What is expected → In the entries below, every line that contains "through" must be located and copied.

[[ Task data, beginning ]]

(* Every point of Delta is a bi-infinite path w of G played at one vertex per time h and
   shifted by some t.  Two such signals whose paths agree within N steps of the current
   position are 4 (1/2)^N close, while signals that differ on the whole first cell are at
   distance at least 1.  Hence:
   - periodic points are dense: close a long window of w into a cycle using strong
     connectivity;
   - sensitivity: far in the future, walk from w to a vertex with two successors and leave
     through the one not taken by w, then flow until the two paths disagree;
   - transitivity: concatenate, through connecting walks, all finite walks of G (finitely
     many of each length since V is finite); the resulting path visits every window of
     every path, so its signal approaches every point of Delta along a sequence of times. *)

Lemma Riemann_integrable_const_open (f : R -> R) a b c :
  a <= b -> (forall t, a < t < b -> f t = c) -> Riemann_integrable f a b.
Proof.
  intros Hab Hf eps.
  assert (Hstep : IsStepFun f a b).
  { exists (a :: b :: nil), (c :: nil); repeat split.
    - intros i Hi; simpl in Hi; inversion Hi; [simpl; assumption | lia].
    - simpl; unfold Rmin; destruct (Rle_dec a b); lra.
    - simpl; unfold Rmax; destruct (Rle_dec a b); lra.
    - unfold constant_D_eq, open_interval; intros i Hi; simpl in Hi.
      assert (i = 0%nat) by lia; subst; simpl; intros; apply Hf; lra. }
  exists (mkStepFun Hstep), (mkStepFun (StepFun_P4 a b 0)); split.
  - intros; simpl; unfold fct_cte; rewrite Rminus_diag, Rabs_R0; lra.
  - rewrite StepFun_P18, Rmult_0_l, Rabs_R0; apply (cond_pos eps).
Qed.

Lemma RInt_const_open (f : R -> R) a b c :
  a <= b -> (forall t, a < t < b -> f t = c) -> RInt f a b = c * (b - a).
Proof.
  intros Hab Hf. unfold RInt.
  destruct excluded_middle_informative as [H|H].
  - destruct (constructive_indefinite_description _ H) as [pr Hpr]; simpl; clear Hpr.
    rewrite (RiemannInt_P18 pr (RiemannInt_P14 a b c) Hab).
    + apply RiemannInt_P15.
    + intros; unfold fct_cte; apply Hf; auto.
  - exfalso; apply H; exists (Riemann_integrable_const_open f a b c Hab Hf); auto.
Qed.

Lemma RInt_unit_bounds (f : R -> R) a b :
  a <= b -> (forall t, 0 <= f t <= 1) -> 0 <= RInt f a b <= b - a.
Proof.
  intros Hab Hf. unfold RInt.
  destruct excluded_middle_informative as [H|H]; [|lra].
  destruct (constructive_indefinite_description _ H) as [pr Hpr]; simpl; clear Hpr. split.
  - rewrite <- (Rmult_0_l (b - a)), <- (RiemannInt_P15 (RiemannInt_P14 a b 0)).
    apply RiemannInt_P19; auto. intros; unfold fct_cte; apply Hf.
  - rewrite <- (Rmult_1_l (b - a)), <- (RiemannInt_P15 (RiemannInt_P14 a b 1)).
    apply RiemannInt_P19; auto. intros; unfold fct_cte; apply Hf.
Qed.

Lemma pow_half_bounds k : 0 <= (/2)^k <= 1.
Proof. induction k; simpl; [lra|]. split; nra. Qed.

Lemma pow_half_le m n : (m <= n)%nat -> (/2)^n <= (/2)^m.
Proof.
  intro Hmn. replace n with (m + (n - m))%nat by lia. rewrite pow_add.
  pose proof (pow_half_bounds m); pose proof (pow_half_bounds (n - m)); nra.
Qed.

Lemma sum_le_geometric_half (a : nat -> R) c :
  (forall n, 0 <= a n <= c * (/2)^n) -> forall n, sum_f_R0 a n <= 2 * c.
Proof.
  intros Ha n.
  assert (Hc : 0 <= c) by (specialize (Ha 0%nat); simpl in Ha; lra).
  apply Rle_trans with (c * sum_f_R0 (fun i => (/2)^i) n).
  - rewrite scal_sum. apply sum_Rle; intros i _. rewrite Rmult_comm. apply Ha.
  - rewrite tech3 by lra. pose proof (pow_half_bounds (S n)).
    replace ((1 - (/2) ^ S n) / (1 - /2)) with (2 * (1 - (/2) ^ S n)) by field. nra.
Qed.

Lemma small_pow_half eps : 0 < eps -> exists N, 4 * (/2)^N < eps.
Proof.
  intro Heps.
  destruct (pow_lt_1_zero (/2) ltac:(rewrite Rabs_right; lra) (eps/4) ltac:(lra)) as [N HN].
  exists N. specialize (HN N (le_n N)).
  rewrite Rabs_right in HN by (apply Rle_ge, pow_le; lra). lra.
Qed.

Section Metric.
Context {V : Type} (h : R) (Hh : 0 < h).

Lemma delta_ind_bounds (x y : R -> V) t : 0 <= delta_ind x y t <= 1.
Proof. unfold delta_ind; destruct excluded_middle_informative; lra. Qed.

Lemma dterm_bounds (x y : R -> V) i : 0 <= dterm h x y i <= (/4) ^ Z.abs_nat i.
Proof.
  unfold dterm.
  pose proof (RInt_unit_bounds (delta_ind x y) (IZR i * h) ((IZR i + 1) * h)
    ltac:(nra) (delta_ind_bounds x y)) as HI.
  replace ((IZR i + 1) * h - IZR i * h) with h in HI by ring.
  assert (0 <= / h * RInt (delta_ind x y) (IZR i * h) ((IZR i + 1) * h) <= 1).
  { split.
    - apply Rmult_le_pos; [apply Rlt_le, Rinv_0_lt_compat|]; lra.
    - apply Rmult_le_reg_l with h; [lra|]. rewrite <- Rmult_assoc, Rinv_r; lra. }
  assert (0 <= (/4) ^ Z.abs_nat i) by (apply pow_le; lra).
  split; nra.
Qed.

Lemma dseq_bounds (x y : R -> V) n : 0 <= dseq h x y n <= 2 * (/4)^n.
Proof.
  destruct n as [|n]; simpl.
  - pose proof (dterm_bounds x y 0); simpl in *; lra.
  - pose proof (dterm_bounds x y (Z.of_nat (S n))) as Hp.
    pose proof (dterm_bounds x y (- Z.of_nat (S n))) as Hm.
    change (Z.abs_nat (- Z.of_nat (S n))) with (Z.abs_nat (Z.of_nat (S n))) in Hm.
    rewrite Zabs2Nat.id in Hp, Hm. simpl in *. lra.
Qed.

Lemma dseq_le_after (x y : R -> V) N n :
  (forall k, (k <= N)%nat -> dseq h x y k = 0) -> dseq h x y n <= 2 * (/2)^N * (/2)^n.
Proof.
  intro HN. pose proof (pow_half_bounds N); pose proof (pow_half_bounds n).
  destruct (le_lt_dec n N) as [Hn|Hn].
  - rewrite HN by auto. nra.
  - pose proof (dseq_bounds x y n) as Hb.
    replace (/4) with (/2 * /2) in Hb by field. rewrite Rpow_mult_distr in Hb.
    pose proof (pow_half_le N n ltac:(lia)). nra.
Qed.

Lemma dist_infinite_sum (x y : R -> V) : infinite_sum (dseq h x y) (Defs.dist h x y).
Proof.
  unfold Defs.dist. destruct excluded_middle_informative as [H|H].
  - exact (proj2_sig (constructive_indefinite_description _ H)).
  - exfalso; apply H.
    destruct (growing_cv (sum_f_R0 (dseq h x y))) as [l Hl]; [| |exists l; exact Hl].
    + intro n; cbn [sum_f_R0]. pose proof (dseq_bounds x y (S n)); lra.
    + exists 4. intros r [n ->].
      apply (sum_le_geometric_half (dseq h x y) 2). intro k.
      pose proof (dseq_bounds x y k) as Hk. pose proof (pow_half_bounds k).
      replace (/4) with (/2 * /2) in Hk by field. rewrite Rpow_mult_distr in Hk. nra.
Qed.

[[ Task data, end ]]

Answer to the problem →
     through the one not taken by w, then flow until the two paths disagree;
   - transitivity: concatenate, through connecting walks, all finite walks of G (finitely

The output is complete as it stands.